Assigned task
Every line below that holds the string "weightsOf" should be copied out.

━━ Data to process

(* Let $W\in\mathrm{Mat}(n,\mathbb{Z})$ be a P-admissible matrix and let $Q=(q_0,\ldots,q_n)$ be a reduced weights vector associated with $W$. Then: (a) $(\widehat W^T)^*_Q=W$; (b) if $s$ is the gcd of all entries of $\mathrm{Adj}(W)$ and $s_i$ is the gcd of the entries of the $i$-th row of $\mathrm{Adj}(W)$, then $q_0=|\det\widehat W|$, $q_i=s_i/s$ for $1\le i\le n$, and $\mathrm{lcm}(Q)=|\det W|/s$; (c) if $Q_1$ and $Q_2$ are reduced weights vectors associated with the same P-admissible matrix $W$, then $Q_1=Q_2$; (d) there exists a unique F-admissible matrix $V$ with $W=(V^0)^*_Q$ and $Q=(|V_0|,\ldots,|V_n|)$.
   Context: A weights vector is an $(n+1)$-tuple of positive integers with gcd $1$; it is reduced if $\gcd(q_i:i\neq j)=1$ for every $j$. For $V=(\mathbf{v}_0,\ldots,\mathbf{v}_n)\in\mathrm{Mat}(n,n+1;\mathbb{Z})$, $V_j$ is the determinant of $V$ with column $\mathbf{v}_j$ deleted and $V^0=(\mathbf{v}_1,\ldots,\mathbf{v}_n)$. $V$ is F-admissible if all $V_j\neq0$, $\gcd(V_0,\ldots,V_n)=1$ and $\sum_j|V_j|\mathbf{v}_j=0$. For $A\in\mathrm{GL}(n,\mathbb{Q})$, $A^*=(A^{-1})^T$. The weighted transverse of $V$ (all $V_j\ne0$) is $(V^0)^*_Q=(V^0)^*\cdot\delta\,\mathrm{diag}(1/|V_1|,\ldots,1/|V_n|)$, where $Q=(|V_0|,\ldots,|V_n|)$ and $\delta=\mathrm{lcm}(Q)$. A matrix $W\in\mathrm{Mat}(n,\mathbb{Z})$ is P-admissible if $W=(V^0)^*_Q$ for some F-admissible $V$ with $Q=(|V_0|,\ldots,|V_n|)$; then $Q,W,V$ are said to be associated. For $W\in\mathrm{GL}(n,\mathbb{Q})\cap\mathrm{Mat}(n,\mathbb{Z})$, $\mathrm{Adj}(W)=\det(W)W^{-1}$, $s_i$ is the gcd of the $i$-th row of $\mathrm{Adj}(W)$, and $\widehat W=\mathrm{diag}(|\det W|/s_1,\ldots,|\det W|/s_n)\cdot W^{-1}$. *)

From HB Require Import structures.
From mathcomp Require Import all_boot all_order all_algebra.
Set Implicit Arguments. Unset Strict Implicit. Unset Printing Implicit Defensive.
Import Order.TTheory GRing.Theory Num.Theory.
Local Open Scope ring_scope.

Definition toQ {m k : nat} (A : 'M[int]_(m, k)) : 'M[rat]_(m, k) :=
  map_mx (fun z : int => z%:~R) A.

Definition tstar {n : nat} (A : 'M[rat]_n) : 'M[rat]_n := (invmx A)^T.

Definition weights_vector {n : nat} (Q : {ffun 'I_n.+1 -> nat}) : Prop :=
  (forall i, (0 < Q i)%N) /\ \big[gcdn/0%N]_i Q i = 1%N.

Definition reduced_weights_vector {n : nat} (Q : {ffun 'I_n.+1 -> nat}) : Prop :=
  weights_vector Q /\ forall j : 'I_n.+1, \big[gcdn/0%N]_(i | i != j) Q i = 1%N.

Definition lcmQ {n : nat} (Q : {ffun 'I_n.+1 -> nat}) : nat := \big[lcmn/1%N]_i Q i.

Definition transverseQ {n : nat} (A : 'M[rat]_n) (Q : {ffun 'I_n.+1 -> nat}) : 'M[rat]_n :=
  tstar A *m ((lcmQ Q)%:R *: diag_mx (\row_i ((Q (lift ord0 i))%:R)^-1)).

Definition Vminor {n : nat} (V : 'M[int]_(n, n.+1)) (j : 'I_n.+1) : int :=
  \det (col' j V).

Definition V0 {n : nat} (V : 'M[int]_(n, n.+1)) : 'M[int]_n := col' ord0 V.

Definition Fadmissible {n : nat} (V : 'M[int]_(n, n.+1)) : Prop :=
  (forall j, Vminor V j != 0) /\
  \big[gcdz/0]_j Vminor V j = 1 /\
  \sum_j `|Vminor V j| *: col j V = 0.

Definition weightsOf {n : nat} (V : 'M[int]_(n, n.+1)) : {ffun 'I_n.+1 -> nat} :=
  [ffun j => `|Vminor V j|%N].

Definition wtransverse {n : nat} (V : 'M[int]_(n, n.+1)) : 'M[rat]_n :=
  transverseQ (toQ (V0 V)) (weightsOf V).

Definition associated {n : nat} (Q : {ffun 'I_n.+1 -> nat}) (W : 'M[int]_n)
  (V : 'M[int]_(n, n.+1)) : Prop :=
  Fadmissible V /\ Q = weightsOf V /\ toQ W = wtransverse V.

Definition Padmissible {n : nat} (W : 'M[int]_n) : Prop :=
  exists V : 'M[int]_(n, n.+1), Fadmissible V /\ toQ W = wtransverse V.

Definition assoc_weights {n : nat} (Q : {ffun 'I_n.+1 -> nat}) (W : 'M[int]_n) : Prop :=
  exists V, associated Q W V.

Definition rowgcd {n : nat} (W : 'M[int]_n) (i : 'I_n) : int :=
  \big[gcdz/0]_j (\adj W) i j.

Definition adjgcd {n : nat} (W : 'M[int]_n) : int :=
  \big[gcdz/0]_(ij : 'I_n * 'I_n) (\adj W) ij.1 ij.2.

Definition hatW {n : nat} (W : 'M[int]_n) : 'M[rat]_n :=
  diag_mx (\row_i ((`|\det W|)%:~R / (rowgcd W i)%:~R)) *m invmx (toQ W).

From HB Require Import structures.
From mathcomp Require Import all_boot all_order all_algebra ring.
Set Implicit Arguments. Unset Strict Implicit. Unset Printing Implicit Defensive.
Import Order.TTheory GRing.Theory Num.Theory.
Local Open Scope ring_scope.

(* Write W = (A^-1)^T D with A = V^0 and D = delta diag(1/q_1, ..., 1/q_n).
   Then Adj(W) = det W . D^-1 A^T, so the i-th row of Adj(W) is
   (det W q_i / delta) times the i-th column of A.  Reducedness of Q makes
   every column v_j of V primitive (its gcd divides every maximal minor V_k
   with k <> j, and these are coprime) and makes q_1, ..., q_n coprime;
   hence s_i = m q_i and s = m with m = |det W| / delta.  Consequently
   diag(|det W| / s_i) = D, so hat W = D D^-1 A^T = A^T, and everything else
   is read off from this identity; the first column of V is then forced by
   the balancing relation sum_j |V_j| v_j = 0. *)

Lemma biggcdzE (I : finType) (P : pred I) (F : I -> int) :
  \big[gcdz/0]_(i | P i) F i = (\big[gcdn/0%N]_(i | P i) `|F i|%N)%:Z.
Proof. by elim/big_rec2: _ => // i x y _ ->. Qed.

Lemma biggcdz_Bezout (I : finType) (P : pred I) (F : I -> int) :
  {u : I -> int | \sum_(i | P i) u i * F i = \big[gcdz/0]_(i | P i) F i}.
Proof.
elim/big_ind: _.
- by exists (fun _ => 0); rewrite big1 // => i _; rewrite mul0r.
- move=> x y [u ux] [v vy]; have [a [b <-]] := Bezoutz x y.
  exists (fun i => a * u i + b * v i); rewrite -ux -vy.
  rewrite !mulr_sumr -big_split /=; apply: eq_bigr => i _.
  by rewrite mulrDl !mulrA.
- move=> i Pi; exists (fun j => (j == i)%:R).
  rewrite (bigD1 i) //= eqxx mul1r big1 ?addr0 // => j /andP[_ /negbTE ->].
  by rewrite mul0r.
Qed.

Lemma dvdz_biggcd (I : finType) (P : pred I) (F : I -> int) i :
  P i -> (\big[gcdz/0]_(j | P j) F j %| F i)%Z.
Proof. by move=> Pi; rewrite biggcdzE dvdzE absz_nat (@biggcdn_inf _ i). Qed.

Lemma biggcdzMl (I : finType) (P : pred I) (F : I -> int) k :
  \big[gcdz/0]_(i | P i) (k * F i) = `|k|%:Z * \big[gcdz/0]_(i | P i) F i.
Proof.
rewrite !biggcdzE; congr Posz; under eq_bigr do rewrite abszM.
by rewrite -(big_morph _ (muln_gcdr `|k|%N) (muln0 _)).
Qed.

(* Bezout on v shows that c is an integer. *)
Lemma biggcdz_primitive_scale (R : numDomainType) (I : finType) (v a : I -> int)
    (c : R) :
  \big[gcdz/0]_i v i = 1 -> (forall i, (a i)%:~R = c * (v i)%:~R) ->
  (\big[gcdz/0]_i a i)%:~R = `|c|.
Proof.
move=> v_primitive av; have [u] := @biggcdz_Bezout _ xpredT v.
rewrite v_primitive => uv.
pose k := \sum_i u i * a i.
have kc : k%:~R = c.
  rewrite -[c]mulr1 -[1 in RHS]/(1%:~R) -uv.
  rewrite !(big_morph _ (@intrD R) (mulr0z 1)) mulr_sumr.
  by apply: eq_bigr => i _; rewrite !intrM av mulrCA.
have ak i : a i = k * v i by apply: (@intr_inj R); rewrite intrM kc av.
by rewrite (eq_bigr _ (fun i _ => ak i)) biggcdzMl v_primitive mulr1 intr_norm kc.
Qed.

Lemma adjgcd_rowgcd n (W : 'M[int]_n) : adjgcd W = \big[gcdz/0]_i rowgcd W i.
Proof.
rewrite /adjgcd /rowgcd !biggcdzE -(pair_bigA _ (fun i j => `|(\adj W) i j|%N)).
by congr Posz; apply: eq_bigr => i _; rewrite biggcdzE absz_nat.
Qed.

Lemma biggcdn_lift n (F : 'I_n.+1 -> nat) j :
  \big[gcdn/0%N]_(i | i != j) F i = \big[gcdn/0%N]_(i < n) F (lift j i).
Proof.
rewrite big_mkcond (bigD1_ord j) //= eqxx gcd0n.
by apply: eq_bigr => i _; rewrite eq_sym neq_lift.
Qed.

Lemma toQ_inj m k : injective (@toQ m k).
Proof.
move=> A B /matrixP eqAB; apply/matrixP => i j.
by have := eqAB i j; rewrite !mxE => /intr_inj.
Qed.

Lemma dvdz_col_Vminor n (V : 'M[int]_(n, n.+1)) j k :
  k != j -> (\big[gcdz/0]_r V r j %| Vminor V k)%Z.
Proof.
move=> kj; have [j' -> _] := unlift_some kj.
rewrite /Vminor (expand_det_col _ j'); apply: rpred_sum => r _.
by apply: dvdz_mulr; rewrite mxE; apply: dvdz_biggcd.
Qed.

Lemma reduced_col_primitive n (V : 'M[int]_(n, n.+1)) j :
  reduced_weights_vector (weightsOf V) -> \big[gcdz/0]_r V r j = 1.
Proof.
move=> [_ reducedV]; rewrite biggcdzE; congr Posz; apply/eqP.
rewrite -dvdn1 -(reducedV j); apply/dvdn_biggcdP => k kj.
by rewrite ffunE; have := dvdz_col_Vminor V kj; rewrite dvdzE biggcdzE absz_nat.
Qed.

Lemma reduced_lift_coprime n (Q : {ffun 'I_n.+1 -> nat}) (j : 'I_n.+1) :
  reduced_weights_vector Q -> \big[gcdz/0]_(i < n) (Q (lift j i))%:Z = 1.
Proof. by move=> [_ reducedQ]; rewrite biggcdzE -biggcdn_lift reducedQ. Qed.

Lemma lcmQ_gt0 n (Q : {ffun 'I_n.+1 -> nat}) : (forall i, 0 < Q i)%N -> (0 < lcmQ Q)%N.
Proof.
by move=> Qgt0; rewrite /lcmQ; elim/big_ind: _ => // x y; rewrite lcmn_gt0 => -> ->.
Qed.

Definition weight_diag n (Q : {ffun 'I_n.+1 -> nat}) : 'M[rat]_n :=
  (lcmQ Q)%:R *: diag_mx (\row_i ((Q (lift ord0 i))%:R)^-1).

Definition weight_diag_inv n (Q : {ffun 'I_n.+1 -> nat}) : 'M[rat]_n :=
  (lcmQ Q)%:R^-1 *: diag_mx (\row_i (Q (lift ord0 i))%:R).

Lemma transverseQE n (A : 'M[rat]_n) Q : transverseQ A Q = tstar A *m weight_diag Q.
Proof. by []. Qed.

Lemma weight_diagK n (Q : {ffun 'I_n.+1 -> nat}) :
  (forall i, 0 < Q i)%N -> weight_diag Q *m weight_diag_inv Q = 1%:M.
Proof.
move=> Qgt0; have d_neq0 : (lcmQ Q)%:R != 0 :> rat by rewrite pnatr_eq0 -lt0n lcmQ_gt0.
rewrite /weight_diag /weight_diag_inv -scalemxAl -scalemxAr scalerA mul_diag_mx.
apply/matrixP => i j; rewrite !mxE; case: eqP => [->|_]; last by rewrite !mulr0.
by rewrite !mulr1n mulfV // mul1r mulVf // pnatr_eq0 -lt0n.
Qed.

Section WeightedTransverse.

Variables (n : nat) (V : 'M[int]_(n, n.+1)) (W : 'M[int]_n).
Hypothesis reducedV : reduced_weights_vector (weightsOf V).
Hypothesis defW : toQ W = wtransverse V.

Local Notation Q := (weightsOf V).
Local Notation q i := (Q (lift ord0 i)).
Local Notation d := (lcmQ Q).
Local Notation A := (toQ (V0 V)).

Let Q_gt0 : forall i, (0 < Q i)%N. Proof. by case: reducedV => [[]]. Qed.

Let d_neq0 : d%:R != 0 :> rat. Proof. by rewrite pnatr_eq0 -lt0n lcmQ_gt0. Qed.

Let A_unit : A \in unitmx.
Proof.
rewrite unitmxE unitfE /toQ det_map_mx intr_eq0 -absz_eq0 -lt0n.
by have := Q_gt0 ord0; rewrite ffunE.
Qed.

Lemma mul_wtransverse_inv : toQ W *m (weight_diag_inv Q *m A^T) = 1%:M.
Proof.
rewrite defW /wtransverse transverseQE /tstar mulmxA -(mulmxA _ (weight_diag Q)).
by rewrite weight_diagK // mulmx1 -trmx_mul mulmxV // trmx1.
Qed.

Let W_unit : toQ W \in unitmx.
Proof. by case: (mulmx1_unit mul_wtransverse_inv). Qed.

Lemma invmx_wtransverse : invmx (toQ W) = weight_diag_inv Q *m A^T.
Proof.
by rewrite -[LHS]mulmx1 -mul_wtransverse_inv mulKmx.
Qed.

Lemma det_wtransverse_neq0 : (\det W)%:~R != 0 :> rat.
Proof. by move: W_unit; rewrite unitmxE unitfE /toQ det_map_mx. Qed.

Lemma adj_wtransverse i j :
  ((\adj W) i j)%:~R = (\det W)%:~R / d%:R * (q i)%:R * (V j (lift ord0 i))%:~R :> rat.
Proof.
have adjE : toQ (\adj W) = \det (toQ W) *: invmx (toQ W).
  by rewrite /invmx W_unit scalerA mulrV ?scale1r ?unitmx_unit // /toQ map_mx_adj.
have := congr1 (fun M : 'M[rat]_n => M i j) adjE.
rewrite /toQ mxE => ->; rewrite -/(toQ W) invmx_wtransverse.
rewrite /weight_diag_inv -scalemxAl mul_diag_mx !mxE /toQ det_map_mx.
by rewrite !mulrA.
Qed.

Lemma rowgcd_wtransverse i :
  (rowgcd W i)%:~R = `|(\det W)%:~R| / d%:R * (q i)%:R :> rat.
Proof.
rewrite (biggcdz_primitive_scale (reduced_col_primitive (lift ord0 i) reducedV)
          (adj_wtransverse i)).
by rewrite !normrM normfV !normr_nat.
Qed.

Lemma adjgcd_wtransverse : (adjgcd W)%:~R = `|(\det W)%:~R| / d%:R :> rat.
Proof.
rewrite adjgcd_rowgcd (biggcdz_primitive_scale (reduced_lift_coprime ord0 reducedV)
          (c := `|(\det W)%:~R| / d%:R)); last first.
  by move=> i; rewrite rowgcd_wtransverse.
by rewrite ger0_norm // divr_ge0.
Qed.

Lemma hatW_wtransverse : hatW W = A^T.
Proof.
rewrite /hatW.
suff -> : diag_mx (\row_i ((`|\det W|)%:~R / (rowgcd W i)%:~R)) = weight_diag Q.
  by rewrite invmx_wtransverse mulmxA weight_diagK // mul1mx.
apply/matrixP => i j; rewrite /weight_diag !mxE.
case: eqP => [->|_]; last by rewrite !mulr0n mulr0.
rewrite !mulr1n rowgcd_wtransverse intr_norm; field.
by rewrite normr_eq0 det_wtransverse_neq0 d_neq0 pnatr_eq0 -lt0n Q_gt0.
Qed.

End WeightedTransverse.

Lemma Fadmissible_balance n (V : 'M[int]_(n, n.+1)) r : Fadmissible V ->
  `|Vminor V ord0| * V r ord0 = - \sum_i `|Vminor V (lift ord0 i)| * V r (lift ord0 i).
Proof.
move=> [_ [_ balanced]]; apply/eqP; rewrite -addr_eq0; apply/eqP.
have := congr1 (fun M : 'cV[int]_n => M r 0) balanced.
rewrite summxE big_ord_recl !mxE => sum0; rewrite -[RHS]sum0.
by congr (_ + _); apply: eq_bigr => i _; rewrite !mxE.
Qed.

Lemma Fadmissible_V0_inj n (V V' : 'M[int]_(n, n.+1)) :
  Fadmissible V -> Fadmissible V' -> weightsOf V = weightsOf V' -> V0 V = V0 V' ->
  V = V'.
Proof.
move=> FV FV' eqQ eqV0.
have minorE j : `|Vminor V j| = `|Vminor V' j|.
  by have /ffunP/(_ j) := eqQ; rewrite !ffunE -!abszE => ->.
have colE r i : V r (lift ord0 i) = V' r (lift ord0 i).
  by have /matrixP/(_ r i) := eqV0; rewrite !mxE.
have q0_neq0 : `|Vminor V ord0| != 0 by rewrite normr_eq0; case: FV.
apply/matrixP => r j; case: (unliftP ord0 j) => [i ->|->]; first exact: colE.
apply: (mulfI q0_neq0); rewrite Fadmissible_balance // [in RHS]minorE.
rewrite Fadmissible_balance //; congr -%R.
by apply: eq_bigr => i _; rewrite minorE colE.
Qed.

Lemma assoc_weights_hatW n (W : 'M[int]_n) (Q : {ffun 'I_n.+1 -> nat}) :
  reduced_weights_vector Q -> assoc_weights Q W ->
  (Q ord0)%:R = `|\det (hatW W)| :> rat /\
  (forall i : 'I_n, (Q (lift ord0 i))%:R = (rowgcd W i)%:~R / (adjgcd W)%:~R :> rat) /\
  (lcmQ Q)%:R = (`|\det W|)%:~R / (adjgcd W)%:~R :> rat.
Proof.
move=> reducedQ [V [_ [defQ defW]]]; subst Q.
have d_neq0 : (lcmQ (weightsOf V))%:R != 0 :> rat.
  by rewrite pnatr_eq0 -lt0n lcmQ_gt0 //; case: reducedQ => [[]].
have detW_neq0 := det_wtransverse_neq0 reducedQ defW.
split.
  rewrite (hatW_wtransverse reducedQ defW) det_tr /toQ det_map_mx ffunE.
  by rewrite natr_absz intr_norm.
split=> [i|]; rewrite (adjgcd_wtransverse reducedQ defW).
  rewrite (rowgcd_wtransverse reducedQ defW).
  by field; rewrite normr_eq0 detW_neq0 d_neq0.
by rewrite intr_norm; field; rewrite normr_eq0 detW_neq0 d_neq0.
Qed.

Theorem mainTheorem9 (n : nat) (W : 'M[int]_n) (Q : {ffun 'I_n.+1 -> nat}) :
  Padmissible W ->
  reduced_weights_vector Q ->
  assoc_weights Q W ->
  (* (a) *)
  transverseQ (hatW W)^T Q = toQ W /\
  (* (b) *)
  ((Q ord0)%:R = `|\det (hatW W)| :> rat /\
   (forall i : 'I_n, (Q (lift ord0 i))%:R = (rowgcd W i)%:~R / (adjgcd W)%:~R :> rat) /\
   (lcmQ Q)%:R = (`|\det W|)%:~R / (adjgcd W)%:~R :> rat) /\
  (* (c) *)
  (forall Q1 Q2 : {ffun 'I_n.+1 -> nat},
     reduced_weights_vector Q1 -> assoc_weights Q1 W ->
     reduced_weights_vector Q2 -> assoc_weights Q2 W -> Q1 = Q2) /\
  (* (d) *)
  (exists! V : 'M[int]_(n, n.+1),
     Fadmissible V /\ toQ W = wtransverse V /\ Q = weightsOf V).
Proof.
move=> _ reducedQ QW; have weightsQ := assoc_weights_hatW reducedQ QW.
have [V [FV [defQ defW]]] := QW; subst Q.
split; first by rewrite (hatW_wtransverse reducedQ defW) trmxK.
split; first exact: weightsQ.
split.
  move=> Q1 Q2 reduced1 /(assoc_weights_hatW reduced1)[Q1_0 [Q1_lift _]].
  move=> reduced2 /(assoc_weights_hatW reduced2)[Q2_0 [Q2_lift _]].
  apply/ffunP => j; apply/eqP; rewrite -(eqr_nat rat).
  by case: (unliftP ord0 j) => [i ->|->]; rewrite ?Q1_lift ?Q2_lift ?Q1_0 ?Q2_0.
exists V; split=> [//|V' [FV' [defW' eqQ]]].
apply: Fadmissible_V0_inj => //.
have := hatW_wtransverse reducedQ defW.
by rewrite (hatW_wtransverse _ defW') -?eqQ // => /trmx_inj /toQ_inj.
Qed.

━━━━

Written answer
Definition weightsOf {n : nat} (V : 'M[int]_(n, n.+1)) : {ffun 'I_n.+1 -> nat} :=
  transverseQ (toQ (V0 V)) (weightsOf V).
  Fadmissible V /\ Q = weightsOf V /\ toQ W = wtransverse V.
  reduced_weights_vector (weightsOf V) -> \big[gcdz/0]_r V r j = 1.
Hypothesis reducedV : reduced_weights_vector (weightsOf V).
Local Notation Q := (weightsOf V).
  Fadmissible V -> Fadmissible V' -> weightsOf V = weightsOf V' -> V0 V = V0 V' ->
have d_neq0 : (lcmQ (weightsOf V))%:R != 0 :> rat.
     Fadmissible V /\ toQ W = wtransverse V /\ Q = weightsOf V).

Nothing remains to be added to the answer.